Among the lines below, copy exactly those from the one with "(forall j : nat, D" through the one with "on its first", counting both ends.

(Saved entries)
________

(* Assume condition (H). Then for all integers $0\le m\le n$ we have $d_{m,n}\le d_{m-1,n}$, and for all integers $-1\le m\le n$ we have $d_{m,n}\le d_{m,n+1}$. That is, in the region $m\le n$, $d_{m,n}$ is non-increasing in $m$ and non-decreasing in $n$.
   Context: Let $\mathbb{N}=\{0,1,2,\dots\}$. Fix a sequence $(\pi^n)_{n\in\mathbb{N}}$ where each $\pi^n=(\pi^n_i)_{i\in\mathbb{N}}$ is a probability distribution on $\mathbb{N}$ with support contained in $\{0,\dots,n\}$, and $\pi^n\ne\pi^m$ for $m\ne n$. Define reals $d_{m,n}$ for $m,n\in\mathbb{N}\cup\{-1\}$ recursively as follows: $d_{-1,-1}=0$, $d_{-1,j}=d_{j,-1}=1$ for $j\in\mathbb{N}$, and for $m,n\in\mathbb{N}$, $$d_{m,n}=\min_{z\in\mathcal{F}_{m,n}}\sum_{i=0}^m\sum_{j=0}^n z_{i,j}\,d_{i-1,j-1},$$ where $\mathcal{F}_{m,n}$ is the set of arrays $z=(z_{i,j})_{0\le i\le m,\,0\le j\le n}$ with $z_{i,j}\ge0$, $\sum_{j=0}^n z_{i,j}=\pi^m_i$ for all $i\le m$, and $\sum_{i=0}^m z_{i,j}=\pi^n_j$ for all $j\le n$. Condition (H) means: for every $n\ge1$, $\pi^n_n>0$ and $0\le\pi^n_i\le\pi^{n-1}_i$ for all $i<n$. *)

From HB Require Import structures.
From mathcomp Require Import all_boot all_order all_algebra.
From mathcomp Require Import reals.
Set Implicit Arguments. Unset Strict Implicit. Unset Printing Implicit Defensive.
Import Order.TTheory GRing.Theory Num.Theory.
Local Open Scope ring_scope.

(* pi n i  stands for  pi^n_i. *)

Definition prob_seq (R : realType) (pi : nat -> nat -> R) : Prop :=
  forall n : nat,
    (forall i : nat, 0 <= pi n i) /\
    (forall i : nat, (n < i)%N -> pi n i = 0) /\
    \sum_(i < n.+1) pi n i = 1.

Definition pairwise_distinct (R : realType) (pi : nat -> nat -> R) : Prop :=
  forall m n : nat, m <> n -> pi m <> pi n.

Definition condH (R : realType) (pi : nat -> nat -> R) : Prop :=
  forall n : nat, (1 <= n)%N ->
    0 < pi n n /\ (forall i : nat, (i < n)%N -> 0 <= pi n i <= pi n.-1 i).

Definition coupling (R : realType) (pi : nat -> nat -> R) (m n : nat)
    (z : 'M[R]_(m.+1, n.+1)) : Prop :=
  (forall i j, 0 <= z i j) /\
  (forall i : 'I_m.+1, \sum_(j < n.+1) z i j = pi m i) /\
  (forall j : 'I_n.+1, \sum_(i < m.+1) z i j = pi n j).

(* Shifted indexing: D a b  stands for  d_{a-1,b-1}, for a b : nat
   (so D 0 0 = d_{-1,-1}, D (m+1) (n+1) = d_{m,n}). *)

Definition cost (R : realType) (D : nat -> nat -> R) (m n : nat)
    (z : 'M[R]_(m.+1, n.+1)) : R :=
  \sum_(i < m.+1) \sum_(j < n.+1) z i j * D i j.

Definition is_d (R : realType) (pi : nat -> nat -> R) (D : nat -> nat -> R) : Prop :=
  D 0%N 0%N = 0 /\
  (forall j : nat, D 0%N j.+1 = 1 /\ D j.+1 0%N = 1) /\
  (forall m n : nat,
     (exists z : 'M[R]_(m.+1, n.+1), coupling pi z /\ cost D z = D m.+1 n.+1) /\
     (forall z : 'M[R]_(m.+1, n.+1), coupling pi z -> D m.+1 n.+1 <= cost D z)).

From HB Require Import structures.
From mathcomp Require Import all_boot all_order all_algebra.
From mathcomp Require Import reals.
From mathcomp Require Import ring lra zify.
Import Order.TTheory GRing.Theory Num.Theory.
Local Open Scope ring_scope.
Set Implicit Arguments. Unset Strict Implicit. Unset Printing Implicit Defensive.

(* Each inequality is proved by transforming an optimal coupling for the larger
   side into a coupling for the smaller side without increasing its cost.
   Gluing couplings shows that d is a pseudometric.  By (H), pi^n_j <= pi^m_j
   for j <= m <= n, so an optimal coupling of pi^m and pi^n can be made diagonal
   on its first m+1 columns (reroute the off-diagonal mass of column j through
   the diagonal entry (j,j)); each row i <= m then keeps at least
   pi^m_i - pi^n_i of its mass in the columns beyond m.
   - d_{m+1,n} <= d_{m,n}: the new row m+1 of pi^{m+1} is filled with part of
     that tail mass; moving mass from row i to row m+1 inside a column j > m is
     cheaper, by induction on the column index.
   - d_{m,n} <= d_{m,n+1}: part of the tail mass is moved onto the diagonal,
     then the last column n+1 is merged into the columns j > m that are now
     short of mass; moving mass from column n+1 to column j is cheaper, by
     induction on the column index. *)

Section Couplings.
Variable R : realFieldType.
Implicit Types (M N K : nat) (mu nu rho : nat -> R) (Z f : nat -> nat -> R).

________

**Task answer**
  (forall j : nat, D 0%N j.+1 = 1 /\ D j.+1 0%N = 1) /\
  (forall m n : nat,
     (exists z : 'M[R]_(m.+1, n.+1), coupling pi z /\ cost D z = D m.+1 n.+1) /\
     (forall z : 'M[R]_(m.+1, n.+1), coupling pi z -> D m.+1 n.+1 <= cost D z)).

From HB Require Import structures.
From mathcomp Require Import all_boot all_order all_algebra.
From mathcomp Require Import reals.
From mathcomp Require Import ring lra zify.
Import Order.TTheory GRing.Theory Num.Theory.
Local Open Scope ring_scope.
Set Implicit Arguments. Unset Strict Implicit. Unset Printing Implicit Defensive.

(* Each inequality is proved by transforming an optimal coupling for the larger
   side into a coupling for the smaller side without increasing its cost.
   Gluing couplings shows that d is a pseudometric.  By (H), pi^n_j <= pi^m_j
   for j <= m <= n, so an optimal coupling of pi^m and pi^n can be made diagonal
   on its first m+1 columns (reroute the off-diagonal mass of column j through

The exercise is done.